- Exercise
Exactly the lines from the opening of the records through the line containing "-> R) : Prop" should be copied, with both included.

* * * *

(* Let $(X,\rho)$ be a metric space, let $c>0$, and for $x,y\in X$ define $$W(x,y):=\log\Big(1+2c\sinh\frac{\rho(x,y)}{2}\Big).$$ If $c\ge 1$, then $W$ is a metric on $X$. Moreover, if $X=\mathbb{B}^2=\{x\in\mathbb{R}^2:|x|<1\}$ is the unit disk and $\rho=j_{\mathbb{B}^2}$, then $W$ is a metric on $\mathbb{B}^2$ if and only if $c\ge 1$.
   Context: For a proper nonempty open subset $D\subset\mathbb{R}^n$, $d_D(x)=\operatorname{dist}(x,\partial D)$, and the distance ratio metric is $j_D(x,y)=\log\Big(1+\frac{|x-y|}{\min\{d_D(x),d_D(y)\}}\Big)$ for $x,y\in D$. For the unit disk, $d_{\mathbb{B}^2}(x)=1-|x|$. *)

From Stdlib Require Import Reals.
Open Scope R_scope.

Definition is_metric {X : Type} (d : X -> X -> R) : Prop :=
  (forall x y, 0 <= d x y) /\
  (forall x y, d x y = 0 <-> x = y) /\
  (forall x y, d x y = d y x) /\
  (forall x y z, d x z <= d x y + d y z).

Definition Wfun {X : Type} (c : R) (rho : X -> X -> R) (x y : X) : R :=
  ln (1 + 2 * c * sinh (rho x y / 2)).

Definition norm2 (p : R * R) : R := sqrt (fst p ^ 2 + snd p ^ 2).
Definition dist2 (p q : R * R) : R := norm2 (fst p - fst q, snd p - snd q).

Definition disk : Type := { p : R * R | norm2 p < 1 }.

Definition d_disk (x : disk) : R := 1 - norm2 (proj1_sig x).

Definition j_disk (x y : disk) : R :=
  ln (1 + dist2 (proj1_sig x) (proj1_sig y) / Rmin (d_disk x) (d_disk y)).

(** Sufficiency: [t |-> log (1 + 2 c sinh (t/2))] vanishes only at [0], is
    increasing and, for [c >= 1], subadditive, because
    [sinh (u + v) <= sinh u + sinh v + 2 sinh u sinh v] (from [cosh <= 1 + sinh]);
    such a function maps metrics to metrics.

    Necessity: along a radius of the disk, [j] is additive:
    [j(0, r) = j(0, q) + j(q, r)] for [0 <= q <= r < 1].  So if [W] is a metric then
    [W(2t) <= 2 W(t)] for all [t >= 0], i.e. [cosh s <= 1 + c sinh s] for all
    [s > 0], which fails for [c < 1] since [cosh s - c sinh s] grows like
    [(1 - c) e^s / 2]. *)

From Stdlib Require Import Reals Lra Psatz ProofIrrelevance FunctionalExtensionality.
From Coquelicot Require Import Coquelicot.
Open Scope R_scope.

Lemma ln_1_plus_nonneg (a : R) : 0 <= a -> 0 <= ln (1 + a).
Proof. intro ha. rewrite <- ln_1. apply ln_le; lra. Qed.

Lemma ln_1_plus_pos (a : R) : 0 < a -> 0 < ln (1 + a).
Proof. intro ha. rewrite <- ln_1. apply ln_increasing; lra. Qed.

Lemma sinh_le (a b : R) : a <= b -> sinh a <= sinh b.
Proof.
  intro hab. destruct (Rle_lt_or_eq_dec _ _ hab) as [hlt | ->].
  - left. now apply sinh_lt.
  - apply Rle_refl.
Qed.

Lemma sinh_pos (t : R) : 0 < t -> 0 < sinh t.
Proof. intro ht. rewrite <- sinh_0. now apply sinh_lt. Qed.

Lemma sinh_nonneg (t : R) : 0 <= t -> 0 <= sinh t.
Proof. intro ht. rewrite <- sinh_0. now apply sinh_le. Qed.

Lemma sinh_plus (u v : R) : sinh (u + v) = sinh u * cosh v + cosh u * sinh v.
Proof.
  unfold sinh, cosh. rewrite Ropp_plus_distr, !exp_plus. field.
Qed.

Lemma cosh_minus_sinh (s : R) : cosh s - sinh s = exp (- s).
Proof. unfold cosh, sinh. field. Qed.

Lemma exp_le (a b : R) : a <= b -> exp a <= exp b.
Proof.
  intro hab. destruct (Rle_lt_or_eq_dec _ _ hab) as [hlt | ->].
  - left. now apply exp_increasing.
  - apply Rle_refl.
Qed.

Lemma cosh_le_1_plus_sinh (v : R) : 0 <= v -> cosh v <= 1 + sinh v.
Proof.
  intro hv. pose proof (cosh_minus_sinh v). pose proof (exp_le (- v) 0 ltac:(lra)).
  rewrite exp_0 in *. lra.
Qed.

Lemma sinh_plus_le (u v : R) : 0 <= u -> 0 <= v ->
  sinh (u + v) <= sinh u + sinh v + 2 * sinh u * sinh v.
Proof.
  intros hu hv. rewrite sinh_plus.
  pose proof (cosh_le_1_plus_sinh u hu). pose proof (cosh_le_1_plus_sinh v hv).
  pose proof (sinh_nonneg u hu). pose proof (sinh_nonneg v hv).
  nra.
Qed.

Section MetricComp.

Variable f : R -> R.
Hypothesis f_0 : f 0 = 0.
Hypothesis f_pos : forall t, 0 < t -> 0 < f t.
Hypothesis f_le : forall s t, 0 <= s -> s <= t -> f s <= f t.
Hypothesis f_subadd : forall s t, 0 <= s -> 0 <= t -> f (s + t) <= f s + f t.

Lemma is_metric_comp (X : Type) (d : X -> X -> R) :
  is_metric d -> is_metric (fun x y => f (d x y)).
Proof.
  intros [d_ge0 [d_eq0 [d_sym d_tri]]].
  assert (f_ge0 : forall t, 0 <= t -> 0 <= f t).
  { intros t ht. destruct (Rle_lt_or_eq_dec _ _ ht) as [h | <-].
    - now left; apply f_pos.
    - rewrite f_0. apply Rle_refl. }
  split; [| split; [| split]].
  - intros x y. apply f_ge0, d_ge0.
  - intros x y. rewrite <- d_eq0. split.
    + intro hf. destruct (d_ge0 x y) as [h | h]; [| now rewrite h].
      specialize (f_pos _ h). lra.
    + intro h. now rewrite h.
  - intros x y. now rewrite d_sym.
  - intros x y z. eapply Rle_trans; [apply f_le | apply f_subadd]; auto.
Qed.

End MetricComp.

Definition wmap (c t : R) : R := ln (1 + 2 * c * sinh (t / 2)).

Lemma Wfun_wmap (X : Type) (c : R) (rho : X -> X -> R) (x y : X) :
  Wfun c rho x y = wmap c (rho x y).
Proof. reflexivity. Qed.

Section Wmap.

Variable c : R.
Hypothesis c_pos : 0 < c.

Lemma wmap_arg_ge1 (t : R) : 0 <= t -> 1 <= 1 + 2 * c * sinh (t / 2).
Proof.
  intro ht. pose proof (sinh_nonneg (t / 2) ltac:(lra)). nra.
Qed.

Lemma wmap_0 : wmap c 0 = 0.
Proof.
  unfold wmap. replace (0 / 2) with 0 by field.
  rewrite sinh_0, Rmult_0_r, Rplus_0_r. apply ln_1.
Qed.

Lemma wmap_pos (t : R) : 0 < t -> 0 < wmap c t.
Proof.
  intro ht. apply ln_1_plus_pos. pose proof (sinh_pos (t / 2) ltac:(lra)). nra.
Qed.

Lemma wmap_le (s t : R) : 0 <= s -> s <= t -> wmap c s <= wmap c t.
Proof.
  intros hs hst. apply ln_le.
  - pose proof (wmap_arg_ge1 s hs). lra.
  - pose proof (sinh_le (s / 2) (t / 2) ltac:(lra)). nra.
Qed.

Lemma wmap_subadd (s t : R) : 1 <= c -> 0 <= s -> 0 <= t ->
  wmap c (s + t) <= wmap c s + wmap c t.
Proof.
  intros hc1 hs ht. unfold wmap.
  pose proof (wmap_arg_ge1 s hs). pose proof (wmap_arg_ge1 t ht).
  rewrite <- ln_mult by lra. apply ln_le; [pose proof (wmap_arg_ge1 (s + t) ltac:(lra)); lra |].
  replace ((s + t) / 2) with (s / 2 + t / 2) by field.
  pose proof (sinh_plus_le (s / 2) (t / 2) ltac:(lra) ltac:(lra)).
  pose proof (sinh_nonneg (s / 2) ltac:(lra)). pose proof (sinh_nonneg (t / 2) ltac:(lra)).
  assert (0 <= c * (c - 1) * (sinh (s / 2) * sinh (t / 2))).
  { apply Rmult_le_pos; [apply Rmult_le_pos |]; nra. }
  nra.
Qed.

Lemma is_metric_Wfun (X : Type) (rho : X -> X -> R) :
  1 <= c -> is_metric rho -> is_metric (Wfun c rho).
Proof.
  intros hc1 hrho. apply (is_metric_comp (wmap c) wmap_0 wmap_pos wmap_le); auto.
  intros s t. now apply wmap_subadd.
Qed.

(** Witness [s = ln (2 / (1 - c))]: then [(1 - c) e^s / 2 = 1], so [cosh s > 1 + c sinh s]. *)
Lemma wmap_not_subadd : c < 1 -> exists t, 0 <= t /\ wmap c t + wmap c t < wmap c (t + t).
Proof.
  intro hc1. set (s := ln (2 / (1 - c))).
  assert (es : exp s = 2 / (1 - c)) by (apply exp_ln, Rdiv_lt_0_compat; lra).
  assert (s_pos : 0 < s).
  { apply exp_lt_inv. rewrite es, exp_0.
    apply (Rmult_lt_reg_r (1 - c)); [lra |]. field_simplify; lra. }
  exists (s + s). split; [lra |].
  pose proof (sinh_pos s s_pos).
  assert (cosh_gt : 1 + c * sinh s < cosh s).
  { assert (e : cosh s - c * sinh s = 1 + (1 + c) * exp (- s) / 2).
    { unfold cosh, sinh. rewrite es. field. lra. }
    pose proof (exp_pos (- s)). nra. }
  unfold wmap. replace ((s + s) / 2) with s by field.
  replace ((s + s + (s + s)) / 2) with (s + s) by field.
  rewrite <- ln_mult by nra. apply ln_increasing; [nra |].
  rewrite sinh_plus.
  assert (0 < c * sinh s * (cosh s - 1 - c * sinh s)).
  { apply Rmult_lt_0_compat; [apply Rmult_lt_0_compat |]; lra. }
  nra.
Qed.

End Wmap.

Section DistanceRatio.

Variables (X : Type) (d : X -> X -> R) (delta : X -> R).
Hypothesis d_metric : is_metric d.
Hypothesis delta_pos : forall x, 0 < delta x.
Hypothesis delta_lipschitz : forall x y, delta y <= delta x + d x y.

Definition distance_ratio (x y : X) : R := ln (1 + d x y / Rmin (delta x) (delta y)).

Lemma distance_ratio_triangle_factor (dx dy dz A B E : R) :
  0 < dx -> 0 < dy -> dx <= dz -> 0 <= A -> 0 <= B -> E <= A + B -> dy <= dx + A ->
  1 + E / Rmin dx dz <= (1 + A / Rmin dx dy) * (1 + B / Rmin dy dz).
Proof.
  intros hx hy hxz hA hB hE hyx. rewrite (Rmin_left dx dz hxz).
  destruct (Rle_lt_dec dx dy) as [hxy | hyx'].
  - rewrite (Rmin_left dx dy hxy).
    set (m := Rmin dy dz).
    assert (hm : dx <= m <= dx + A).
    { split; [now apply Rmin_glb | pose proof (Rmin_l dy dz); unfold m; lra]. }
    apply Rmult_le_reg_r with (dx * m); [nra |].
    replace ((1 + E / dx) * (dx * m)) with (dx * m + E * m) by (field; lra).
    replace ((1 + A / dx) * (1 + B / m) * (dx * m)) with ((dx + A) * (m + B)) by (field; lra).
    nra.
  - rewrite (Rmin_right dx dy) by lra. rewrite (Rmin_left dy dz) by lra.
    apply Rmult_le_reg_r with (dx * (dy * dy)); [repeat apply Rmult_lt_0_compat; lra |].
    replace ((1 + E / dx) * (dx * (dy * dy))) with ((dx + E) * (dy * dy)) by (field; lra).
    replace ((1 + A / dy) * (1 + B / dy) * (dx * (dy * dy)))
      with (dx * ((dy + A) * (dy + B))) by (field; lra).
    assert (E * (dy * dy) <= (A + B) * (dy * dy)) by (apply Rmult_le_compat_r; nra).
    assert ((A + B) * (dy * dy) <= (A + B) * (dy * dx))
      by (apply Rmult_le_compat_l; [| apply Rmult_le_compat_l]; lra).
    assert (0 <= dx * (A * B)) by (apply Rmult_le_pos; nra).
    nra.
Qed.

Lemma is_metric_distance_ratio : is_metric distance_ratio.
Proof.
  destruct d_metric as [d_ge0 [d_eq0 [d_sym d_tri]]].
  assert (min_pos : forall x y, 0 < Rmin (delta x) (delta y)) by (intros; now apply Rmin_pos).
  assert (ratio_ge0 : forall x y, 0 <= d x y / Rmin (delta x) (delta y)).
  { intros x y. apply Rdiv_le_0_compat; auto. }
  assert (sym : forall x y, distance_ratio x y = distance_ratio y x).
  { intros x y. unfold distance_ratio. now rewrite d_sym, Rmin_comm. }
  assert (tri : forall x y z, delta x <= delta z ->
    distance_ratio x z <= distance_ratio x y + distance_ratio y z).
  { intros x y z hxz. unfold distance_ratio.
    pose proof (ratio_ge0 x y). pose proof (ratio_ge0 y z). pose proof (ratio_ge0 x z).
    rewrite <- ln_mult by lra. apply ln_le; [lra |].
    apply distance_ratio_triangle_factor; auto. }
  split; [| split; [| split]]; auto.
  - intros x y. now apply ln_1_plus_nonneg.
  - intros x y. rewrite <- d_eq0. unfold distance_ratio. split.
    + intro h0. destruct (d_ge0 x y) as [h | h]; [| now symmetry].
      pose proof (ln_1_plus_pos _ (Rdiv_lt_0_compat _ _ h (min_pos x y))). lra.
    + intro h. rewrite h. unfold Rdiv. now rewrite Rmult_0_l, Rplus_0_r, ln_1.
  - intros x y z. destruct (Rle_lt_dec (delta x) (delta z)) as [h | h]; [now apply tri |].
    rewrite (sym x z), (sym x y), (sym y z), Rplus_comm. apply tri. lra.
Qed.

End DistanceRatio.

Lemma is_metric_norm_minus {K : AbsRing} {V : NormedModule K} :
  is_metric (fun x y : V => norm (minus x y)).
Proof.
  split; [| split; [| split]].
  - intros x y. apply norm_ge_0.
  - intros x y. split.
    + intro h. apply norm_eq_zero in h.
      apply (plus_reg_r (opp y)). change (minus x y = minus y y).
      now rewrite minus_eq_zero.
    + intros ->. rewrite minus_eq_zero. apply norm_zero.
  - intros x y. now rewrite <- norm_opp, opp_minus.
  - intros x y z. rewrite (minus_trans y). apply norm_triangle.
Qed.

Lemma is_metric_sig (A : Type) (P : A -> Prop) (d : A -> A -> R) :
  is_metric d -> is_metric (fun x y : {a | P a} => d (proj1_sig x) (proj1_sig y)).
Proof.
  intros [d_ge0 [d_eq0 [d_sym d_tri]]].
  split; [| split; [| split]]; auto.
  intros [x hx] [y hy]. cbn. rewrite d_eq0. split.
  - intros <-. f_equal. apply proof_irrelevance.
  - intro h. now inversion h.
Qed.

Lemma norm2_norm (p : R * R) : norm2 p = norm p.
Proof.
  destruct p as [a b]. unfold norm2. cbn -[pow]. unfold prod_norm, abs. cbn -[pow].
  now rewrite !pow2_abs.
Qed.

Lemma dist2_norm (p q : R * R) : dist2 p q = norm (minus p q).
Proof. unfold dist2. now rewrite norm2_norm. Qed.

Lemma is_metric_dist2 : is_metric dist2.
Proof.
  assert (E : dist2 = fun p q => norm (minus p q)).
  { do 2 (apply functional_extensionality; intro). apply dist2_norm. }
  rewrite E. exact is_metric_norm_minus.
Qed.

Lemma d_disk_pos (x : disk) : 0 < d_disk x.
Proof. destruct x as [p hp]. unfold d_disk. cbn. lra. Qed.

Lemma d_disk_lipschitz (x y : disk) :
  d_disk y <= d_disk x + dist2 (proj1_sig x) (proj1_sig y).
Proof.
  assert (h : norm (proj1_sig x) - norm (proj1_sig y) <= dist2 (proj1_sig x) (proj1_sig y)).
  { rewrite dist2_norm. eapply Rle_trans; [apply Rle_abs | exact (norm_triangle_inv _ _)]. }
  unfold d_disk. rewrite !norm2_norm. lra.
Qed.

Lemma is_metric_j_disk : is_metric j_disk.
Proof.
  apply (is_metric_distance_ratio disk (fun x y => dist2 (proj1_sig x) (proj1_sig y)) d_disk).
  - apply is_metric_sig, is_metric_dist2.
  - exact d_disk_pos.
  - exact d_disk_lipschitz.
Qed.

Lemma norm2_axis (a : R) : norm2 (a, 0) = Rabs a.
Proof.
  unfold norm2. cbn [fst snd]. rewrite <- (pow2_abs a).
  replace (Rabs a ^ 2 + 0 ^ 2) with (Rabs a ^ 2) by ring.
  apply sqrt_pow2, Rabs_pos.
Qed.

Lemma axis_point (x : R) : 0 <= x < 1 -> exists p : disk, proj1_sig p = (x, 0).
Proof.
  intro hx. assert (h : norm2 (x, 0) < 1) by (rewrite norm2_axis, Rabs_pos_eq; lra).
  now exists (exist _ (x, 0) h).
Qed.

Lemma j_disk_axis (p q : disk) (x y : R) :
  proj1_sig p = (x, 0) -> proj1_sig q = (y, 0) -> 0 <= x <= y ->
  j_disk p q = ln ((1 - x) / (1 - y)).
Proof.
  intros hp hq hxy.
  assert (hy : y < 1).
  { destruct q as [q' hq']. cbn in hq. subst q'. rewrite norm2_axis, Rabs_pos_eq in hq'; lra. }
  unfold j_disk, d_disk, dist2. rewrite hp, hq. cbn [fst snd].
  rewrite Rminus_diag, !norm2_axis, Rabs_minus_sym, !Rabs_pos_eq by lra.
  rewrite Rmin_right by lra. f_equal. field. lra.
Qed.

Lemma j_disk_radial_chain (u : R) : 0 <= u ->
  exists p q r : disk, j_disk p q = u /\ j_disk q r = u /\ j_disk p r = u + u.
Proof.
  intro hu.
  pose proof (exp_pos (- u)). pose proof (exp_pos (- (u + u))).
  pose proof (exp_le (- u) 0 ltac:(lra)). pose proof (exp_le (- (u + u)) (- u) ltac:(lra)).
  rewrite exp_0 in *.
  destruct (axis_point 0 ltac:(lra)) as [p hp].
  destruct (axis_point (1 - exp (- u)) ltac:(lra)) as [q hq].
  destruct (axis_point (1 - exp (- (u + u))) ltac:(lra)) as [r hr].
  exists p, q, r.
  rewrite (j_disk_axis p q _ _ hp hq), (j_disk_axis q r _ _ hq hr), (j_disk_axis p r _ _ hp hr)
    by lra.
  pose proof (exp_pos u).
  rewrite !exp_Ropp, exp_plus in *.
  split; [| split].
  - replace ((1 - 0) / (1 - (1 - / exp u))) with (exp u) by (field; lra). apply ln_exp.
  - replace ((1 - (1 - / exp u)) / (1 - (1 - / (exp u * exp u)))) with (exp u)
      by (field; lra).
    apply ln_exp.
  - replace ((1 - 0) / (1 - (1 - / (exp u * exp u)))) with (exp (u + u))
      by (rewrite exp_plus; field; lra).
    apply ln_exp.
Qed.

Lemma Wfun_j_disk_metric_ge1 (c : R) : 0 < c -> is_metric (Wfun c j_disk) -> 1 <= c.
Proof.
  intros hc [_ [_ [_ htri]]]. destruct (Rlt_le_dec c 1) as [hc1 | hc1]; [exfalso | exact hc1].
  destruct (wmap_not_subadd c hc hc1) as [t [ht hbad]].
  destruct (j_disk_radial_chain t ht) as [p [q [r [hpq [hqr hpr]]]]].
  specialize (htri p q r). rewrite !Wfun_wmap, hpq, hqr, hpr in htri. lra.
Qed.

Theorem theorem1p1 (c : R) (hc : 0 < c) :
  (forall (X : Type) (rho : X -> X -> R),
     is_metric rho -> 1 <= c -> is_metric (Wfun c rho)) /\
  (is_metric (Wfun c j_disk) <-> 1 <= c).
Proof.
  split; [| split].
  - intros X rho hrho hc1. now apply is_metric_Wfun.
  - now apply Wfun_j_disk_metric_ge1.
  - intro hc1. now apply is_metric_Wfun, is_metric_j_disk.
Qed.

* * * *

- Solved exercise
(* Let $(X,\rho)$ be a metric space, let $c>0$, and for $x,y\in X$ define $$W(x,y):=\log\Big(1+2c\sinh\frac{\rho(x,y)}{2}\Big).$$ If $c\ge 1$, then $W$ is a metric on $X$. Moreover, if $X=\mathbb{B}^2=\{x\in\mathbb{R}^2:|x|<1\}$ is the unit disk and $\rho=j_{\mathbb{B}^2}$, then $W$ is a metric on $\mathbb{B}^2$ if and only if $c\ge 1$.
   Context: For a proper nonempty open subset $D\subset\mathbb{R}^n$, $d_D(x)=\operatorname{dist}(x,\partial D)$, and the distance ratio metric is $j_D(x,y)=\log\Big(1+\frac{|x-y|}{\min\{d_D(x),d_D(y)\}}\Big)$ for $x,y\in D$. For the unit disk, $d_{\mathbb{B}^2}(x)=1-|x|$. *)

From Stdlib Require Import Reals.
Open Scope R_scope.

Definition is_metric {X : Type} (d : X -> X -> R) : Prop :=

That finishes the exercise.